Lemma violation_le s a b t : graph_distr B s -> B a b -> 0 < t <= 1 ->
  t * - dotp (z - minty_point - b) (minty_point - a)
  <= (2 * d%:R + 1) * gap s
     + 2 * t ^+ 2 * dotp (minty_point - center z (dirac a b))
                         (minty_point - center z (dirac a b)).
Proof.
move=> sB Bab /andP[t_gt0 t_le1].
have t_range : 0 <= t <= 1 by rewrite ltW.
have := psi_le_sup (graph_distr_mix t_range sB (graph_distr_dirac Bab)).
rewrite psi_mix (psi_dirac _ minty_point).
have := minty_point_near sB; have := gap_ge0 sB; have := psi_sup_le0.
rewrite /gap; set y := minty_point; set m := center z s.
set mj := center z (dirac a b); set G := - dotp _ _.
have -> : m - mj = (y - mj) - (y - m) by rewrite opprB [RHS]addrC subrKA.
set P := y - m; set Q := y - mj; clearbody G P Q.
move=> S_le0 gap_s_ge0 near mix_le.
have t_psi : t * psi z s <= 0 by rewrite pmulr_rle0 //; lra.
have PP_ge0 : 0 <= (3 * t - 2 * t ^+ 2) * dotp P P by rewrite mulr_ge0 ?dotpp_ge0 //; nra.
have := dotpp_ge0 ((1 - t) *: P - t *: Q).
move: mix_le; dotp_simpl; rewrite (dotpC Q P); lra.
Qed.

Lemma violation_le_sqr a b t : B a b -> 0 < t <= 1 ->
  t * - dotp (z - minty_point - b) (minty_point - a)
  <= 2 * t ^+ 2 * dotp (minty_point - center z (dirac a b))
                       (minty_point - center z (dirac a b)).
Proof.
move=> Bab t_range; apply/ler_addgt0Pr => e e_gt0.
have const_gt0 : 0 < 2 * d%:R + 1 :> R by rewrite ltr_wpDl // mulr_ge0.
have [s sB gap_lt] := gap_small (divr_gt0 e_gt0 const_gt0).
have := violation_le sB Bab t_range.
by move: gap_lt; rewrite ltr_pdivlMr // mulrC; lra.
Qed.

Lemma minty_point_ok a b : B a b -> 0 <= dotp (z - minty_point - b) (minty_point - a).
Proof.
move=> Bab; rewrite -oppr_le0; apply/ler_addgt0Pr => e e_gt0; rewrite add0r.
have := violation_le_sqr Bab; set G := - dotp _ _; set W := dotp _ _ => viol.
have W_ge0 : 0 <= W := dotpp_ge0 _.
pose t := e / (2 * W + e); have den_gt0 : 0 < 2 * W + e by lra.
have tE : t * (2 * W + e) = e by rewrite divfK // gt_eqF.
have t_gt0 : 0 < t by rewrite divr_gt0.
have t_le1 : t <= 1 by rewrite ler_pdivrMr // mul1r; lra.
have t_range : 0 < t <= 1 by rewrite t_gt0 t_le1.
have : t * G <= t * (2 * t * W) by have := viol t t_range; lra.
rewrite ler_pM2l // => G_le; have : 0 <= t * e by rewrite mulr_ge0 // ltW.
lra.
Qed.

End MintyPoint.

Theorem maximally_monotone_surjective (R : realType) (d : nat) (B : op R d) :
  maximally_monotone B -> forall z : 'rV[R]_d, exists y, B y (z - y).
Proof.
move=> [Bmono Bmax] z.
have [p0 [q0 Bp0]] : exists p q, B p q.
  apply: NNPP => noB; case: (noB); exists 0, 0.
  apply: (Bmax (fun p q => p = 0 /\ q = 0)) => //.
  - by move=> _ _ _ _ [-> ->] [-> ->]; rewrite subrr dotp0l.
  - by move=> p q Bpq; case: noB; exists p, q.
have y_ok := minty_point_ok z Bmono Bp0.
set y := minty_point B z in y_ok *; exists y.
apply: (Bmax (fun p q => B p q \/ p = y /\ q = z - y)); last 2 first.
- by move=> a b; left.
- by right.
move=> x1 x2 u1 u2 [Bxu1|[-> ->]] [Bxu2|[-> ->]].
- exact: Bmono.
- by rewrite -[u1 - _]opprB -[x1 - y]opprB dotpNl dotpNr opprK; exact: y_ok.
- exact: y_ok.
- by rewrite !subrr dotp0r.
Qed.

Section CohypomonotoneResolvent.
Variables (R : realType) (d : nat).
Notation vec := 'rV[R]_d.
Implicit Types (A : op R d) (rho c : R).

(* The operator u |-> (A^-1 + rho Id)(u) / c. *)
Definition cohypo_shift A rho c : op R d := fun u m => A (c *: m - rho *: u) u.

Lemma cohypo_shift_monotone A rho c : 0 < c ->
  cohypomonotone rho A -> monotone_op (cohypo_shift A rho c).
Proof.
move=> c_gt0 Aco u u' m m' Aum Aum'.
have := Aco _ _ _ _ Aum Aum'; dotp_simpl.
rewrite (dotpC m u) (dotpC m' u) (dotpC m u') (dotpC m' u') => co.
by rewrite -(pmulr_rge0 _ c_gt0); dotp_simpl; lra.
Qed.

Lemma cohypo_shift_max A rho c : 0 < c ->
  maximally_cohypomonotone rho A -> maximally_monotone (cohypo_shift A rho c).
Proof.
move=> c_gt0 [Aco Amax]; split=> [|M Mmono AM u m Mum].
  exact: cohypo_shift_monotone.
have c_neq0 : c != 0 by rewrite gt_eqF.
pose A' : op R d := fun y v => M v (c^-1 *: (y + rho *: v)).
have A'co : cohypomonotone rho A'.
  move=> y y' v v' A'yv A'yv'; have := Mmono _ _ _ _ A'yv A'yv'.
  rewrite -scalerBr dotpZl pmulr_rge0 ?invr_gt0 //.
  by dotp_simpl; rewrite (dotpC y v) (dotpC y' v) (dotpC y v') (dotpC y' v'); lra.
have AA' y v : A y v -> A' y v.
  by move=> Ayv; apply: AM; rewrite /cohypo_shift scalerA divff // scale1r addrK.
have := Amax A' A'co AA' (c *: m - rho *: u) u.
by rewrite /A' subrK scalerA mulVf // scale1r; apply.
Qed.

Variables (A : op R d) (rho eta : R).
Hypotheses (eta_gt0 : 0 < eta) (rho_lt_eta : rho < eta).
Hypothesis Amax : maximally_cohypomonotone rho A.

(* Minty's theorem for the shift with c = eta - rho gives m = x / c - u with
   u in A (x - eta u). *)
Lemma resolvent_exists x : exists y, resolvent_rel eta A x y.
Proof.
have c_gt0 : 0 < eta - rho by rewrite subr_gt0.
have [u Au] := maximally_monotone_surjective (cohypo_shift_max c_gt0 Amax)
                 ((eta - rho)^-1 *: x).
exists (x - eta *: u), u; split; last by rewrite subrK.
move: Au; rewrite /cohypo_shift scalerBr scalerA divff ?gt_eqF // scale1r.
by rewrite -addrA -opprD -scalerDl subrK.
Qed.

Lemma resolventP x : resolvent_rel eta A x (resolvent eta A x).
Proof. by rewrite /resolvent; apply: epsilon_spec; exact: resolvent_exists. Qed.

Definition residual (x : vec) : vec := x - resolvent eta A x.

Lemma residualP x : exists2 u, A (resolvent eta A x) u & residual x = eta *: u.
Proof.
have [u [Au xE]] := resolventP x; exists u => //.
by rewrite /residual {1}xE addrAC subrr add0r.
Qed.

···

**What is needed**:
Restate word for word only the lines above from the line containing "- by rewrite -[u1" to the line containing "Variables (A : op R d) (rho eta : R).", both of them included.

**Exercise solution**:
- by rewrite -[u1 - _]opprB -[x1 - y]opprB dotpNl dotpNr opprK; exact: y_ok.
- exact: y_ok.
- by rewrite !subrr dotp0r.
Qed.

Section CohypomonotoneResolvent.
Variables (R : realType) (d : nat).
Notation vec := 'rV[R]_d.
Implicit Types (A : op R d) (rho c : R).

(* The operator u |-> (A^-1 + rho Id)(u) / c. *)
Definition cohypo_shift A rho c : op R d := fun u m => A (c *: m - rho *: u) u.

Lemma cohypo_shift_monotone A rho c : 0 < c ->
  cohypomonotone rho A -> monotone_op (cohypo_shift A rho c).
Proof.
move=> c_gt0 Aco u u' m m' Aum Aum'.
have := Aco _ _ _ _ Aum Aum'; dotp_simpl.
rewrite (dotpC m u) (dotpC m' u) (dotpC m u') (dotpC m' u') => co.
by rewrite -(pmulr_rge0 _ c_gt0); dotp_simpl; lra.
Qed.

Lemma cohypo_shift_max A rho c : 0 < c ->
  maximally_cohypomonotone rho A -> maximally_monotone (cohypo_shift A rho c).
Proof.
move=> c_gt0 [Aco Amax]; split=> [|M Mmono AM u m Mum].
  exact: cohypo_shift_monotone.
have c_neq0 : c != 0 by rewrite gt_eqF.
pose A' : op R d := fun y v => M v (c^-1 *: (y + rho *: v)).
have A'co : cohypomonotone rho A'.
  move=> y y' v v' A'yv A'yv'; have := Mmono _ _ _ _ A'yv A'yv'.
  rewrite -scalerBr dotpZl pmulr_rge0 ?invr_gt0 //.
  by dotp_simpl; rewrite (dotpC y v) (dotpC y' v) (dotpC y v') (dotpC y' v'); lra.
have AA' y v : A y v -> A' y v.
  by move=> Ayv; apply: AM; rewrite /cohypo_shift scalerA divff // scale1r addrK.
have := Amax A' A'co AA' (c *: m - rho *: u) u.
by rewrite /A' subrK scalerA mulVf // scale1r; apply.
Qed.

Variables (A : op R d) (rho eta : R).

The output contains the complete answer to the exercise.